Tuesday, June 13, 2017

Signs of absence or absence of signs?

I set out in a light rain to hike through Black Hand Gorge, a nature preserve named for a Native American petroglyph, a giant black hand that once adorned a cliff face along this scenic stretch of the Licking River. In 1828 the petroglyph was blasted to smithereens to make room for a towpath. Naming a place for what we've destroyed in order to possess it: typical.

As I stood reading the sign explaining the destruction of the petroglyph, I wanted to go back in time and remind those gung-ho developers that progress does not require erasing everything created by those who preceded us. But they're all gone now: the quarries once humming with activity are now silent and filled with stagnant water; the rail line has been transformed into a hiking trail and portions of the towpath are still visible, but the only sign of the black hand that once guided Native Americans is a sign pointing to the absence of a sign. Baudrillard would have fun with that.

I've been wanting to get our canoe on the Licking River and so I decided to scope out the possibilities. I found two promising places to launch the canoe, and then I hit the trail to check water conditions. I've been in that gorge when the water barreled through at flood stage but as the summer wears on it tends to get low. Downstream toward Dillon Lake the Licking spreads out across shallow mud flats, but the gorge squeezes the river into a channel that appears deep enough to float a canoe.

Of course I didn't put my canoe in today because I was lacking three elements essential to a good canoe trip: (1) canoe; (2) husband; (3) good weather. Yes: the light rain that did not deter my setting out on the trail eventually turned into a serious downpour, so that I finally arrived back at my car feeling as if I'd been in for a swim. But now I know a few more things about canoeing the Licking River, so when the signs are right, we'll go.

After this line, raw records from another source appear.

(* In the discrete-covariate setting below, assume Assumptions T and W. Fix $C_0\ge 1$ and let $\tilde\beta_j^l(\mathbf z)$ be a minimizer of $$\sum_{k=1}^n \mathrm w_l(\mathbf z_k)\,(\beta_j^*(\mathbf z_k)-\beta)^{\mathrm T}\,\Sigma^*_{-j,-j}(\mathbf z_k)\,(\beta_j^*(\mathbf z_k)-\beta)$$ over $\{\beta\in\mathbb R^{p-1}:\|\beta\|_0\le C_0s_j^*\}$. Then there is a constant $c>0$ such that for $j=1,\dots,p$ and every subject $l$ (with $n>n_l$), $$\|\tilde\beta_j^l(\mathbf z)-\beta_j^*(\mathbf z_l)\|_2^2\le c\,\exp\!\big(-2\delta_l^2/\tau^2+2\log(n/n_l-1)\big)\,s_j^*.$$
   Context: Discrete-covariate setting. There are $n$ subjects with covariates $\mathbf z_i$ taking $K$ distinct values (levels); $n_l$ denotes the number of subjects sharing the covariate value $\mathbf z_l$ of subject $l$. $\mathbf X\in\mathbb R^{n\times p}$ has rows $\mathbf x_i$; given the covariates, the $\mathbf x_i$ are independent with $\mathbf x_i\sim\mathcal N_p(0,\Omega^*(\mathbf z_i)^{-1})$; $\Sigma^*(\mathrm z)=\Omega^*(\mathrm z)^{-1}$, $\Sigma^*_{-j,-j}$ is it with row/column $j$ removed; $\beta_j^*(\mathrm z)\in\mathbb R^{p-1}$ is the true regression coefficient of variable $j$ on the others ($\beta^*_{jk}=-\Omega^*_{kj}/\Omega^*_{jj}$), with conditional variance $\sigma_*^2$ known. Weights: $\mathrm w_l(\mathbf z_k)=c_lK((\mathbf z_k-\mathbf z_l)/\tau)/\tau$, $c_l>0$ constant. $\tilde\beta^l_j$ as defined is the constrained Kullback–Leibler minimizer of the weighted pseudo-likelihood. $\delta_l=\min_{k:\mathbf z_k\ne\mathbf z_l}|\mathbf z_k-\mathbf z_l|$. Assumption T: for each covariate value $\mathrm z$, $\Omega^*(\mathrm z)$ has eigenvalues bounded away from $0$ and $\infty$, and $\|\beta_j^*(\mathrm z)\|_0\le s_j^*$; $s^*=\max_js_j^*$. Assumption W: $\delta_l$ is bounded below by a positive constant for all levels; the kernel is Gaussian, $K(x)\propto e^{-x^2}$; and $\tau=c\min_l\delta_l/\sqrt{\log n}$ for some constant $c\in(0,1)$. *)

From HB Require Import structures.
From mathcomp Require Import all_boot all_order all_algebra.
From mathcomp Require Import all_classical all_reals.
From mathcomp Require Import all_analysis.
Set Implicit Arguments. Unset Strict Implicit. Unset Printing Implicit Defensive.
Import Order.TTheory GRing.Theory Num.Theory.
Local Open Scope ring_scope.

Section Defs.
Variable R : realType.

Definition l0norm (m : nat) (v : 'rV[R]_m) : nat := #|[set i | v 0 i != 0]|.

Definition sqnorm2 (m : nat) (v : 'rV[R]_m) : R := \sum_i (v 0 i) ^+ 2.

(* With p.+1 variables indexed by 'I_p.+1, the other variables of j are
   indexed by 'I_p via lift j. *)
Definition subm_mj (p : nat) (S : 'M[R]_p.+1) (j : 'I_p.+1) : 'M[R]_p :=
  \matrix_(a, b) S (lift j a) (lift j b).

(* beta*_j : regression coefficients of variable j on the others,
   beta*_{jk} = - Omega_{kj} / Omega_{jj}. *)
Definition beta_star (p : nat) (Om : 'M[R]_p.+1) (j : 'I_p.+1) : 'rV[R]_p :=
  \row_a (- Om (lift j a) j / Om j j).

Definition Sigma_mj (p : nat) (Om : 'M[R]_p.+1) (j : 'I_p.+1) : 'M[R]_p :=
  subm_mj (invmx Om) j.

Definition qform (p : nat) (S : 'M[R]_p) (v : 'rV[R]_p) : R :=
  (v *m S *m v^T) 0 0.

Definition nlev (n : nat) (z : 'I_n -> R) (l : 'I_n) : nat :=
  #|[set k | z k == z l]|.
Lemma Fmat_mulmx K n r (c : 'I_n -> 'I_K) (b : 'I_r -> 'I_K) (W : 'M[R]_(r, n)) :
  (forall j, \sum_(i < r) W i j = 1) -> (forall i j, b i != c j -> W i j = 0) ->
  Fmat R c = Fmat R b *m W.
Proof.
move=> W_sum W_cls; apply/matrixP => k j; rewrite !mxE; under eq_bigr do rewrite mxE.
have [<-|cjk] := eqVneq (c j) k.
  transitivity (\sum_(i < r) W i j); first by rewrite W_sum.
  apply: eq_bigr => i _.
  by have [_|/W_cls ->] := eqVneq (b i) (c j); rewrite ?mul1r ?mulr0.
rewrite big1 // => i _; have [bik|_] := eqVneq (b i) k; last by rewrite mul0r.
by rewrite W_cls ?mulr0 // bik eq_sym.
Qed.

Lemma rcls_le_ncls K n r (c : 'I_n -> 'I_K) (g : 'I_r -> 'I_n) k :
  injective g -> (rcls c g k <= ncls c k)%N.
Proof.
move=> g_inj; rewrite /rcls /ncls -(card_imset _ g_inj); apply: subset_leq_card.
by apply/fintype.subsetP => _ /imsetP[i + ->]; rewrite !inE.
Qed.

Lemma ratio_rho_ge1 K (a : 'I_K -> nat) :
  (0 < K)%N -> (forall k, 0 < a k)%N -> 1 <= ratio_rho R a.
Proof.
move=> K_gt0 a_gt0; pose k0 := Ordinal K_gt0.
have min_le_max : (natmin a <= natmax a)%N.
  by apply: (big_ind (fun v => v <= natmax a)%N) => // [u v u_le _|k _];
    [rewrite geq_min u_le | exact: leq_bigmax].
have min_gt0 : (0 < natmin a)%N.
  apply: (big_ind (fun v => 0 < v)%N) => [|u v|k _]; rewrite ?leq_min => //.
    exact: leq_trans (a_gt0 k0) (leq_bigmax k0).
  by move=> -> ->.
rewrite -sqrtr1 ler_sqrt ?divr_ge0 // ler_pdivlMr ?ltr0n // mul1r ler_nat.
exact: min_le_max.
Qed.
Lemma ReMx_jordan_mxE i l :
  A i l = 2^-1 * (w * (l == i.+1 :> nat)%:R + w^* * (i == l.+1 :> nat)%:R).
Proof.
rewrite /ReMx /adjmx !mxE rmorphM /=.
by case: eqP => _; case: eqP => _; rewrite /= ?rmorph0 ?rmorph1.
Qed.

Lemma eigenvalue_ReMx_jordan j : (0 < j <= n)%N -> eigenvalue A (cos (phi_ n j))%:C%C.
Proof.
case/andP=> gt0_j le_jn; set t := phi_ n j.
have ww : w^* * w = 1 by rewrite -normCKC w_unit expr1n.
pose s p : R[i] := (sin (p%:R * t))%:C%C.
have s0 : s 0%N = 0 by rewrite /s mul0r sin0.
have sSn : s n.+1 = 0 by rewrite /s sin_mulSn_phi.
have sS2 p : s p + s p.+2 = 2 * (cos t)%:C%C * s p.+1.
  rewrite /s; have -> : p%:R * t = p.+1%:R * t - t by rewrite -natr1 mulrDl mul1r addrK.
  have -> : p.+2%:R * t = p.+1%:R * t + t by rewrite -[p.+2%:R]natr1 mulrDl mul1r.
  by rewrite -rmorphD sinB_add_sinD !rmorphM rmorph_nat.
pose f i := w ^+ i * s i.+1.
apply/eigenvalueP; exists (\row_(l < n) f l); last first.
  apply/negP => /eqP/rowP/(_ (Ordinal (leq_trans gt0_j le_jn))).
  rewrite !mxE /f /s expr0 !mul1r => /(congr1 (@complex.Re R)) /= sin_t0.
  suff : 0 < sin t by rewrite sin_t0 ltxx.
  by apply: sin_phi_gt0; rewrite gt0_j.
apply/rowP => l; rewrite !mxE.
under eq_bigr => i _ do rewrite mxE ReMx_jordan_mxE.
transitivity (2^-1 * (w * \sum_(i < n) f i * (l == i.+1 :> nat)%:R
                    + w^* * \sum_(i < n) f i * (i == l.+1 :> nat)%:R)).
  by rewrite !big_distrr -big_split big_distrr; apply: eq_bigr => i _ /=; ring.
rewrite sum_ord_mul_succ_eq sum_ord_mul_eq_succ.
have from_left : w * (if (0 < l <= n)%N then f l.-1 else 0) = w ^+ l * s l.
  case: (nat_of_ord l) (ltn_ord l) => [|l'] lt_l /=; first by rewrite s0 !mulr0.
  by rewrite (ltnW lt_l) /f mulrA -exprS.
have from_right : w^* * (if (l.+1 < n)%N then f l.+1 else 0) = w ^+ l * s l.+2.
  case: ifP => [_ | ge_l]; first by rewrite /f mulrA exprS mulrA ww mul1r.
  have -> : l.+2 = n.+1 by move: (ltn_ord l) ge_l; lia.
  by rewrite sSn !mulr0.
by rewrite from_left from_right -mulrDr sS2 /f; field.
Qed.

Lemma char_poly_ReMx_jordan :
  char_poly A = \prod_(x <- cos_phis n) ('X - (x%:C%C)%:P).
Proof.
pose rs := [seq (cos (phi_ n j) : R)%:C%C | j <- iota 1 n].
have -> : \prod_(x <- cos_phis n) ('X - (x%:C%C)%:P) = \prod_(z <- rs) ('X - z%:P).
  by rewrite !big_map.
rewrite {1}(@all_roots_prod_XsubC _ (char_poly A) rs).
- by rewrite (monicP (char_poly_monic _)) scale1r.
- by rewrite size_char_poly size_map size_iota.
- apply/allP => z /mapP[j]; rewrite mem_iota => j_in ->.
  by rewrite -eigenvalue_root_char eigenvalue_ReMx_jordan //; lia.
rewrite uniq_rootsE map_inj_in_uniq ?iota_uniq // => i j.
rewrite !mem_iota => i_in j_in /complexI eq_cos; apply/eqP.
have [le_i le_j] : (i <= n.+1)%N /\ (j <= n.+1)%N by lia.
rewrite eqn_leq -(@cos_phi_leE R n _ _ le_j le_i).
by rewrite -(@cos_phi_leE R n _ _ le_i le_j) eq_cos lexx.
Qed.
Lemma line_spanned_by_cubes (L : {vspace 'rV[K]_4}) H G p q r s :
  \dim L = 2%N -> (forall c, (c \in L) = (ev H c == 0) && (ev G c == 0)) ->
  (forall u v, (u != 0) || (v != 0) -> cube u v \notin L) ->
  p * s - q * r != 0 ->
  cubic H (p, q) = 0 -> cubic H (r, s) = 0 -> cubic H (p + r, q + s) = 0 ->
  exists a b, L = span [:: cube p q + a *: cube r s; cube p q + b *: cube (p + r) (q + s)].
Proof.
move=> dimL memL no_cube d0 Hx Hy Hxy.
have G_neq0 z : z != 0 -> cubic H z = 0 -> cubic G z != 0.
  case: z => u v; rewrite pair_neq0 => /no_cube uv_notin Huv.
  by apply: contraNneq uv_notin => Guv; rewrite memL; apply/andP; split; apply/eqP.
have d0' : det2 (p, q) (r, s) != 0 := d0.
have dxy0 : det2 (p + r, q + s) (r, s) != 0.
  by rewrite (_ : det2 _ _ = p * s - q * r) // /det2 /=; ring.
have Gx : cubic G (p, q) != 0 by apply: G_neq0 (det2_neq0l d0') Hx.
have Gy : cubic G (r, s) != 0 by apply: G_neq0 (det2_neq0r d0') Hy.
have Gxy : cubic G (p + r, q + s) != 0 by apply: G_neq0 (det2_neq0l dxy0) Hxy.
exists (- (cubic G (p, q) / cubic G (r, s))), (- (cubic G (p, q) / cubic G (p + r, q + s))).
have memL_comb u v u' v' a : cubic H (u, v) = 0 -> cubic H (u', v') = 0 ->
    cubic G (u, v) + a * cubic G (u', v') = 0 -> cube u v + a *: cube u' v' \in L.
  move=> Hz Hw Gzw; rewrite memL !evDr !evZr.
  rewrite -/(cubic H (u, v)) -/(cubic H (u', v')) -/(cubic G (u, v)) -/(cubic G (u', v')).
  by rewrite Hz Hw Gzw mulr0 addr0 eqxx.
apply/eqP; rewrite eq_sym eqEdim; apply/andP; split.
  by apply/span_subvP => w; rewrite !inE => /orP [] /eqP ->; apply: memL_comb => //; field.
rewrite dimL (eqP (free_cube_combinations _ d0 _)) //.
by rewrite oppr_eq0 mulf_neq0 ?invr_eq0.
Qed.

End BinaryCubicForms.

Section ClosedField.
Variables (K : closedFieldType) (charK : [pchar K] =i pred0).
Implicit Types (f g h : 'cV[K]_4) (z w : K * K).

Lemma monic_quadratic_splits (b c : K) : exists x1 x2, b = - (x1 + x2) /\ c = x1 * x2.
Proof.
have [x1 x1_root] := @solve_monicpoly K 2 (nth 0 [:: - c; - b]) isT.
rewrite !big_ord_recl big_ord0 /= expr0 expr1 mulr1 addr0 in x1_root.
exists x1, (- b - x1); split; first by ring.
by rewrite mulrBr -expr2 x1_root; ring.
Qed.

Lemma monic_cubic_splits (b c d : K) : exists x1 x2 x3,
  [/\ b = - (x1 + x2 + x3), c = x1 * x2 + x1 * x3 + x2 * x3 & d = - (x1 * x2 * x3)].
Proof.
have [x1 x1_root] := @solve_monicpoly K 3 (nth 0 [:: - d; - c; - b]) isT.
rewrite !big_ord_recl big_ord0 /= expr0 expr1 mulr1 addr0 in x1_root.
have [x2 [x3 [e1 e2]]] := monic_quadratic_splits (b + x1) (c + b * x1 + x1 ^+ 2).
have bE : b = - (x1 + x2 + x3) by rewrite -[b](addrK x1) e1; ring.
have cE : c = x2 * x3 - b * x1 - x1 ^+ 2 by rewrite -e2; ring.
have dE : d = - (x1 ^+ 3 + b * x1 ^+ 2 + c * x1) by rewrite x1_root; ring.
by exists x1, x2, x3; split; rewrite ?dE ?cE bE; ring.
Qed.

Lemma binary_cubic_splits h : singular_root h (1, 0) \/
  exists c z1 z2 z3, [/\ z1 != 0, z2 != 0, z3 != 0 & h = c *: cubic_of_roots z1 z2 z3].
Proof.
have n3 := natf_neq0 charK (isT : (0 < 3)%N).
have [h0 | h0] := eqVneq (h 0 0) 0; last first.
  have [x1 [x2 [x3 [e1 e2 e3]]]] :=
    monic_cubic_splits (3%:R * h 1 0 / h 0 0) (3%:R * h 2 0 / h 0 0) (h 3 0 / h 0 0).
  right; exists (h 0 0), (x1, 1), (x2, 1), (x3, 1); rewrite !pair_neq0 oner_neq0 !orbT.
  by split => //; apply: col4P; rewrite !mxE /= ?mulr1 ?mul1r -?e1 -?e2 -?e3;
    field; rewrite ?n3.
have [h1 | h1] := eqVneq (h 1 0) 0.
  left; rewrite /singular_root pair_neq0 oner_neq0 /cubic /polar_u /polar_v /cube !ev_row4 /=.
  by rewrite h0 h1; apply/and3P; split; apply/eqP; ring.
have [x1 [x2 [e1 e2]]] := monic_quadratic_splits (h 2 0 / h 1 0) (h 3 0 / (3%:R * h 1 0)).
right; exists (- 3%:R * h 1 0), (1, 0), (x1, 1), (x2, 1); rewrite !pair_neq0 oner_neq0 !orbT.
split => //; apply: col4P; rewrite !mxE /= ?mulr1 ?mul1r ?mul0r ?addr0 ?add0r.
- by rewrite h0 mulr0.
- by field; rewrite n3.
- by rewrite -[x1 + x2]opprK -e1; field; rewrite n3 h1.
- by rewrite -e2; field; rewrite n3 h1.
Qed.

Lemma binary_cubic_cases h : (exists z, singular_root h z) \/ has_three_roots h.
Proof.
case: (binary_cubic_splits h) => [sing | [c [z1 [z2 [z3 [z1_0 z2_0 z3_0 ->]]]]]].
  by left; exists (1, 0).
have sing w : w != 0 -> det2 w z1 * det2 w z2 = 0 -> det2 w z1 * det2 w z3 = 0 ->
    det2 w z2 * det2 w z3 = 0 -> exists z, singular_root (c *: cubic_of_roots z1 z2 z3) z.
  by move=> *; exists w; apply/singular_rootZ/singular_root_of_roots.
have [d12 | d12] := eqVneq (det2 z1 z2) 0.
  by left; apply: (sing z1); rewrite // ?det2xx ?d12 ?mulr0 ?mul0r.
have [d13 | d13] := eqVneq (det2 z1 z3) 0.
  by left; apply: (sing z1); rewrite // ?det2xx ?d13 ?mulr0 ?mul0r.
have [d23 | d23] := eqVneq (det2 z2 z3) 0.
  by left; apply: (sing z2); rewrite // ?det2xx ?d23 ?mulr0 ?mul0r.
right; exists z1, z2, z3; rewrite d12 d13 d23.
by split; rewrite // cubicZ (cubic_of_rootsE charK) ?(det2xx z1, det2xx z2, det2xx z3)
  ?(mulr0, mul0r).
Qed.

Lemma pencil_has_three_roots f g :
  (forall l m, l *: f + m *: g = 0 -> l = 0 /\ m = 0) ->
  (forall z, z != 0 -> cubic f z = 0 -> cubic g z = 0 -> False) ->
  exists t, has_three_roots (f + t *: g).
Proof.
move=> fg_free no_common; apply: NNPP => no_three.
have sing t : exists z, singular_root (f + t *: g) z.
  by case: (binary_cubic_cases (f + t *: g)) => // three; case: no_three; exists t.
pose z k := xchoose (sing k%:R).
have zP k : singular_root (f + k%:R *: g) (z k) := xchooseP (sing k%:R).
have z_distinct : pairwise (fun z w => det2 z w != 0) (map z (iota 0 6)).
  rewrite pairwise_map; have := iota_uniq 0 6; rewrite uniq_pairwise.
  apply: sub_pairwise => i j /= ij; apply/eqP => zij.
  case/and4P: (zP i) => zi0 /eqP fi _ _; case/and4P: (zP j) => zj0 /eqP fj _ _.
  have ij' : i%:R != j%:R :> K by rewrite (inj_eq (natf_inj charK)).
  by have [] := pencil_common_root ij' zj0 zij fi fj; apply: no_common.
have z_roots w : w \in map z (iota 0 6) -> w.2 != 0 -> root (jacobian_poly f g) (w.1 / w.2).
  by case/mapP => k _ ->; apply: singular_root_jacobian_poly (zP k).
have := size_pairwise_roots (jacobian_poly_neq0 charK fg_free) z_distinct z_roots.
by rewrite size_map size_iota => /leq_trans/(_ (size_poly _ _)).
Qed.

End ClosedField.

Theorem lemma2p2 (K : closedFieldType) (charK : [pchar K] =i pred0)
  (L : {vspace 'rV[K]_4}) (dimL : \dim L = 2%N)
  (hL : forall u v : K, (u != 0) || (v != 0) -> cube u v \notin L) :
  exists p q r s a b : K,
    p * s - q * r != 0 /\
    L = span [:: cube p q + a *: cube r s;
              cube p q + b *: cube (p + r) (q + s)].
Proof.
have dimL2 : (\dim L + 2)%N = 4 by rewrite dimL.
have [f [g [fg_free memL]]] := vspace_codim2_kernel dimL2.
have no_common z : z != 0 -> cubic f z = 0 -> cubic g z = 0 -> False.
  case: z => u v; rewrite pair_neq0 => /hL /negP uv_notin fz gz; apply: uv_notin.
  by rewrite memL; apply/andP; split; apply/eqP.
have [t /has_three_roots_normal [p [q [r [s [d0 Hx Hy Hxy]]]]]] :=
  pencil_has_three_roots charK fg_free no_common.
have memL' c : (c \in L) = (ev (f + t *: g) c == 0) && (ev g c == 0).
  by rewrite memL evDl evZl; case: (ev g c =P 0) => [-> | _]; rewrite ?mulr0 ?addr0 ?andbF.
have [a [b spanL]] := line_spanned_by_cubes charK dimL memL' hL d0 Hx Hy Hxy.
by exists p, q, r, s, a, b.
Qed.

My hike kept reminding me of Martin Espada's poem "The Monsters at the Edge of the World," where a brain scan becomes "a map drawn by conquerors / flying the banner of exploration / and misnaming all the islands," but the map points only to damage: "stroke, hemorrhage / as if saying that monsters dwell here / at the edge of the world." More significant is what the map leaves out:
do we see the lake where one night
we drifted in a wooden boat
with a bottle of wine
and dangled sparklers
over the starry water.

The scan that reveals the damage in the brain simultaneously conceals what machines cannot see: the memories and images, convictions and connections that make us who we are

What did that missing petroglyph mean to the people who created it? Even if the sign had been preserved, we're not equipped to read it. And so the conqueror moves in, flying the flag of exploration, and shoves aside what he cannot understand, considering the unknown uncivilized--even monstrous--and consigning the monsters to the edge of the world.